▸ **WHAT YOU ARE ASKED TO DO**
Reproduce, exactly and in full, only the lines below from the one containing "Lemma psd_congr m" through the one containing "symmx QV ->".

▸ **RECORDS SUPPLIED**
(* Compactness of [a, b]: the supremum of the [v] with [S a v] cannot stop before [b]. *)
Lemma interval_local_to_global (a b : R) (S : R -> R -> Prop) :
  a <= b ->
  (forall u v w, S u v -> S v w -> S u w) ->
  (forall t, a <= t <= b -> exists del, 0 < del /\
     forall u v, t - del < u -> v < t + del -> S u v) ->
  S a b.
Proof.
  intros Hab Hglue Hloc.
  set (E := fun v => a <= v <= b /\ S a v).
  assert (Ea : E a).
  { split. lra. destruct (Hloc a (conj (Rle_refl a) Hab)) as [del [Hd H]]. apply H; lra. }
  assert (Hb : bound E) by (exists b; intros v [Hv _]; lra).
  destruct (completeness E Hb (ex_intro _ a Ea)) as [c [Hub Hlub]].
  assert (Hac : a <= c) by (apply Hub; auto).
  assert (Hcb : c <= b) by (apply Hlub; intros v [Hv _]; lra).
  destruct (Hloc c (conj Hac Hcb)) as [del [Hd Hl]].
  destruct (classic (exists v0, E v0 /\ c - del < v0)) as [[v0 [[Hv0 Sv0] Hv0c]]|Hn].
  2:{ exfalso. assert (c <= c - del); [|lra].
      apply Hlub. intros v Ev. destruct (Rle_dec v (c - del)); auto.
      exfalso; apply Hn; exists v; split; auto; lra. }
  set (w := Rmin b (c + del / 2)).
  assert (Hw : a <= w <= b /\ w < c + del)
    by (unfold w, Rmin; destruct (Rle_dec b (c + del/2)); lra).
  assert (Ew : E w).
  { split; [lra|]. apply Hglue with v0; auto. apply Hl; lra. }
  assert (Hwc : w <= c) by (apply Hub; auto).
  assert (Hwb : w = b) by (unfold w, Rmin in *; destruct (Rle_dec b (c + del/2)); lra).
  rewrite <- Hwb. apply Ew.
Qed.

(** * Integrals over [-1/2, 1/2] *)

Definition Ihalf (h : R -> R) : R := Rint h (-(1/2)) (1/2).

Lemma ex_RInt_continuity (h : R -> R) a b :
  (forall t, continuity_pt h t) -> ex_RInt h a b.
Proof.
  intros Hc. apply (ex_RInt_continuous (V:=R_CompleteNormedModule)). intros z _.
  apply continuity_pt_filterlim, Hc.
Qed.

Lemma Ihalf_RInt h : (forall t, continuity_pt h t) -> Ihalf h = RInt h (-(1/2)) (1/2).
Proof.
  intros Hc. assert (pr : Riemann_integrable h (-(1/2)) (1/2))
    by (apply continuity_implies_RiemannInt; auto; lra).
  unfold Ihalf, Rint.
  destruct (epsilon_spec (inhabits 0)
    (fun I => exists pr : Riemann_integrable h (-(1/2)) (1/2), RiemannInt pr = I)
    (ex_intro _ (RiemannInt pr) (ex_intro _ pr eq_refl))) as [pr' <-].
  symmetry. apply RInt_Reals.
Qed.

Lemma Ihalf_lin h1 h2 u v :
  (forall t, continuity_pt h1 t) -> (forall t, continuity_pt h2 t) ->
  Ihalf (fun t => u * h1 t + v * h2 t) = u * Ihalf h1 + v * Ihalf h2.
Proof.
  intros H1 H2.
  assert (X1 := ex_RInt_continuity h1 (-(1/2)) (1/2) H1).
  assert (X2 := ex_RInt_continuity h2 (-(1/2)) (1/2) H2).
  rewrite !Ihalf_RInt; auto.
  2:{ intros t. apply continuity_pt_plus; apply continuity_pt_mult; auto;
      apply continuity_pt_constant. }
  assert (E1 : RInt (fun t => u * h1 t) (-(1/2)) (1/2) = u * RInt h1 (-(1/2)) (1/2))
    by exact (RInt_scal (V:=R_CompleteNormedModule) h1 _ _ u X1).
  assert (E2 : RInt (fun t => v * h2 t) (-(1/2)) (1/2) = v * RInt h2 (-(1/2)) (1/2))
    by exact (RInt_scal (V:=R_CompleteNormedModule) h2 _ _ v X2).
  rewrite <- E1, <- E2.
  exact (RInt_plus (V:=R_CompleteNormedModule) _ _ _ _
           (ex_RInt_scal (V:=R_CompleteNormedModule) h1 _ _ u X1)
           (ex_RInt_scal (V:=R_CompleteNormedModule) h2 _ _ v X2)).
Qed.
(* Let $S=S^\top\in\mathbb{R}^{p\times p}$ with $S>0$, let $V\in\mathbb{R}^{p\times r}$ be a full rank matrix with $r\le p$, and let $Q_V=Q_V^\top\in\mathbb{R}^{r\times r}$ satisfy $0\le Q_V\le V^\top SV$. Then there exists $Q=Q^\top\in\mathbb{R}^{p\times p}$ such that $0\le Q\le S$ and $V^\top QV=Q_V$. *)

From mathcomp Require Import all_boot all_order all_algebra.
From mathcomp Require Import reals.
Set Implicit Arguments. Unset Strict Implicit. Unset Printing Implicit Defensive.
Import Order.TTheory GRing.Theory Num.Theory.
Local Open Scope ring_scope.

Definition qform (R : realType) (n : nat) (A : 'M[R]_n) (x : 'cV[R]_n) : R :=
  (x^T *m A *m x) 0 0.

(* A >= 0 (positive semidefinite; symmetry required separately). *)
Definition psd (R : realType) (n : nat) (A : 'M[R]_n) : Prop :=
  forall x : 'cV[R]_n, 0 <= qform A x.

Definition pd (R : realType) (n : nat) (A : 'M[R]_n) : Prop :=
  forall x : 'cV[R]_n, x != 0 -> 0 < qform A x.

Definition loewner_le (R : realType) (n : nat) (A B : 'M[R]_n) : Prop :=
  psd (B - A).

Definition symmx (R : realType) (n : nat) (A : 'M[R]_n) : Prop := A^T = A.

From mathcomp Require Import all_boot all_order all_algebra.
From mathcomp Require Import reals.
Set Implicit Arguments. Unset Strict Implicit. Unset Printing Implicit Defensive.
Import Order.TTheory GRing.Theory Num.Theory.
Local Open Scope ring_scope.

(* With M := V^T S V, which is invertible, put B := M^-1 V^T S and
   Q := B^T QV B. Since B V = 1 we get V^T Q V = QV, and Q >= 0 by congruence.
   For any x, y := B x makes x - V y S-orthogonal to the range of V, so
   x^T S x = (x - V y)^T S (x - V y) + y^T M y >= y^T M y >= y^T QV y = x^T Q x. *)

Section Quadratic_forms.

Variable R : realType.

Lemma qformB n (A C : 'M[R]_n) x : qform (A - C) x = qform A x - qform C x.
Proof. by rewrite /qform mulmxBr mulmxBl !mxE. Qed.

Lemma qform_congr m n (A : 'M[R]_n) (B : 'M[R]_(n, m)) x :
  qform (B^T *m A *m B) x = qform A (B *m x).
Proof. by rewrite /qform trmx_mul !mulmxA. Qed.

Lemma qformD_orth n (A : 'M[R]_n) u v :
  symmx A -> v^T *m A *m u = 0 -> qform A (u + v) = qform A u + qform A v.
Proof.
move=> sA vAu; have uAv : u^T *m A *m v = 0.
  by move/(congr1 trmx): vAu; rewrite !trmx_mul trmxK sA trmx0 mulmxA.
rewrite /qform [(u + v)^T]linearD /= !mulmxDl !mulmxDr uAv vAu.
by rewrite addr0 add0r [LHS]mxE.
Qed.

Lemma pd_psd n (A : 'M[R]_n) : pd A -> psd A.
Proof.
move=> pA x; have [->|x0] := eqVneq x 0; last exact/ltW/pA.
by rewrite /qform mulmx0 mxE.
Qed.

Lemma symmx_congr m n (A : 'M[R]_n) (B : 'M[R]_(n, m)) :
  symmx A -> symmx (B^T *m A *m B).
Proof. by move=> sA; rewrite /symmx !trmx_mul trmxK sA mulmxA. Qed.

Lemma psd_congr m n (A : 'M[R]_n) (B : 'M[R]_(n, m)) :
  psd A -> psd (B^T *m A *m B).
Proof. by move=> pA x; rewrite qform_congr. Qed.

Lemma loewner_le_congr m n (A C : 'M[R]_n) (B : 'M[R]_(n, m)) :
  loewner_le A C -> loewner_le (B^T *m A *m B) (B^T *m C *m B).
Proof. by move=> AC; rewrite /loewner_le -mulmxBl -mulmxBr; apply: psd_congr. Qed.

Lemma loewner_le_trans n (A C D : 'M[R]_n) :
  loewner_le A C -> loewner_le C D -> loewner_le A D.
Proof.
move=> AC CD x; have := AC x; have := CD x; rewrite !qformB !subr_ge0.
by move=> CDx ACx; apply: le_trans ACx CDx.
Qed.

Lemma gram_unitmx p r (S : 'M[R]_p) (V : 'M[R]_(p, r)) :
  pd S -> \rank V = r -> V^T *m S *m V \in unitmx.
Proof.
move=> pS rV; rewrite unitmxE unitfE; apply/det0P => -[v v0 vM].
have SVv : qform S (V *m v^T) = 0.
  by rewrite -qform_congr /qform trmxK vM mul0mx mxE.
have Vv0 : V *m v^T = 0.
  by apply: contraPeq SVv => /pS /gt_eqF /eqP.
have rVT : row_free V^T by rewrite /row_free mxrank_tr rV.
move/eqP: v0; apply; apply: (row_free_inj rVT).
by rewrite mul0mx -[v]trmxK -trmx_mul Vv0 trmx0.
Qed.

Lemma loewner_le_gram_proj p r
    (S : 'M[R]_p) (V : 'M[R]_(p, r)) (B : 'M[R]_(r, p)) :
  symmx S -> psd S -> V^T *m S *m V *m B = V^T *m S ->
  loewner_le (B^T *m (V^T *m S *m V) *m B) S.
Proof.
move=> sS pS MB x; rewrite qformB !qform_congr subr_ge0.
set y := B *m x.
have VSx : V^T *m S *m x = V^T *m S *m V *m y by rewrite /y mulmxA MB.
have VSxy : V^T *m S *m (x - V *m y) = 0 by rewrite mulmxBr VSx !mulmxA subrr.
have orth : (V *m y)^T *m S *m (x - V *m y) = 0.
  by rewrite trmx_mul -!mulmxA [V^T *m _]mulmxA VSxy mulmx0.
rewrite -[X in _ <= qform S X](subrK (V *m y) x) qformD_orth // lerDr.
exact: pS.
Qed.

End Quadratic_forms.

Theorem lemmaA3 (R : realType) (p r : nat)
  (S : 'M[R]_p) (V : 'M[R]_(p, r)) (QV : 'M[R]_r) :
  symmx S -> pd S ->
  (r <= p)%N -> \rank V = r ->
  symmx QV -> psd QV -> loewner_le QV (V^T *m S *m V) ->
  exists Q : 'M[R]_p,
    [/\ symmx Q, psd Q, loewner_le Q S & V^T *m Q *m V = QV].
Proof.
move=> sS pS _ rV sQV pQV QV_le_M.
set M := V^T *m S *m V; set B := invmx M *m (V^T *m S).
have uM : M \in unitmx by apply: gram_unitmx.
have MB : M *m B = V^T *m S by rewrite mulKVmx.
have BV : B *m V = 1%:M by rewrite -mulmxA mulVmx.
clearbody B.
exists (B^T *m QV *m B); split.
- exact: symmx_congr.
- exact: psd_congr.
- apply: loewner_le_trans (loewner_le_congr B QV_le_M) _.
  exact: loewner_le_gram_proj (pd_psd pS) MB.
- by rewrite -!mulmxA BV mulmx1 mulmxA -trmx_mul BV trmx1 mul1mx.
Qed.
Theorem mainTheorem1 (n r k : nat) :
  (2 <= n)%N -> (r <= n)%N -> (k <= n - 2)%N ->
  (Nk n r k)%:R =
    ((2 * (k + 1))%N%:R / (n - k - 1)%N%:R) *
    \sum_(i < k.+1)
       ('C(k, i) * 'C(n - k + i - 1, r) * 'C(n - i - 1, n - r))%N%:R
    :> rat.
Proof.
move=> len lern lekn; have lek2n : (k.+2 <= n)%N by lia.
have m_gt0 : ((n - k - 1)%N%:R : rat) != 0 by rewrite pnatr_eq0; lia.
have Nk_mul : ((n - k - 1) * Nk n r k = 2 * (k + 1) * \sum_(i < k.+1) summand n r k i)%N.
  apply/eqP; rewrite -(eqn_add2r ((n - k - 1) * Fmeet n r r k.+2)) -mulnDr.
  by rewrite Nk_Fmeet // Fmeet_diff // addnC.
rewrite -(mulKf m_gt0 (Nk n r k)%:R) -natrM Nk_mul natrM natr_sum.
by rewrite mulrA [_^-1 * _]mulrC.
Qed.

▸ **ANSWER SPACE**
Lemma psd_congr m n (A : 'M[R]_n) (B : 'M[R]_(n, m)) :
  psd A -> psd (B^T *m A *m B).
Proof. by move=> pA x; rewrite qform_congr. Qed.

Lemma loewner_le_congr m n (A C : 'M[R]_n) (B : 'M[R]_(n, m)) :
  loewner_le A C -> loewner_le (B^T *m A *m B) (B^T *m C *m B).
Proof. by move=> AC; rewrite /loewner_le -mulmxBl -mulmxBr; apply: psd_congr. Qed.

Lemma loewner_le_trans n (A C D : 'M[R]_n) :
  loewner_le A C -> loewner_le C D -> loewner_le A D.
Proof.
move=> AC CD x; have := AC x; have := CD x; rewrite !qformB !subr_ge0.
by move=> CDx ACx; apply: le_trans ACx CDx.
Qed.

Lemma gram_unitmx p r (S : 'M[R]_p) (V : 'M[R]_(p, r)) :
  pd S -> \rank V = r -> V^T *m S *m V \in unitmx.
Proof.
move=> pS rV; rewrite unitmxE unitfE; apply/det0P => -[v v0 vM].
have SVv : qform S (V *m v^T) = 0.
  by rewrite -qform_congr /qform trmxK vM mul0mx mxE.
have Vv0 : V *m v^T = 0.
  by apply: contraPeq SVv => /pS /gt_eqF /eqP.
have rVT : row_free V^T by rewrite /row_free mxrank_tr rV.
move/eqP: v0; apply; apply: (row_free_inj rVT).
by rewrite mul0mx -[v]trmxK -trmx_mul Vv0 trmx0.
Qed.

Lemma loewner_le_gram_proj p r
    (S : 'M[R]_p) (V : 'M[R]_(p, r)) (B : 'M[R]_(r, p)) :
  symmx S -> psd S -> V^T *m S *m V *m B = V^T *m S ->
  loewner_le (B^T *m (V^T *m S *m V) *m B) S.
Proof.
move=> sS pS MB x; rewrite qformB !qform_congr subr_ge0.
set y := B *m x.
have VSx : V^T *m S *m x = V^T *m S *m V *m y by rewrite /y mulmxA MB.
have VSxy : V^T *m S *m (x - V *m y) = 0 by rewrite mulmxBr VSx !mulmxA subrr.
have orth : (V *m y)^T *m S *m (x - V *m y) = 0.
  by rewrite trmx_mul -!mulmxA [V^T *m _]mulmxA VSxy mulmx0.
rewrite -[X in _ <= qform S X](subrK (V *m y) x) qformD_orth // lerDr.
exact: pS.
Qed.

End Quadratic_forms.

Theorem lemmaA3 (R : realType) (p r : nat)
  (S : 'M[R]_p) (V : 'M[R]_(p, r)) (QV : 'M[R]_r) :
  symmx S -> pd S ->
  (r <= p)%N -> \rank V = r ->
  symmx QV -> psd QV -> loewner_le QV (V^T *m S *m V) ->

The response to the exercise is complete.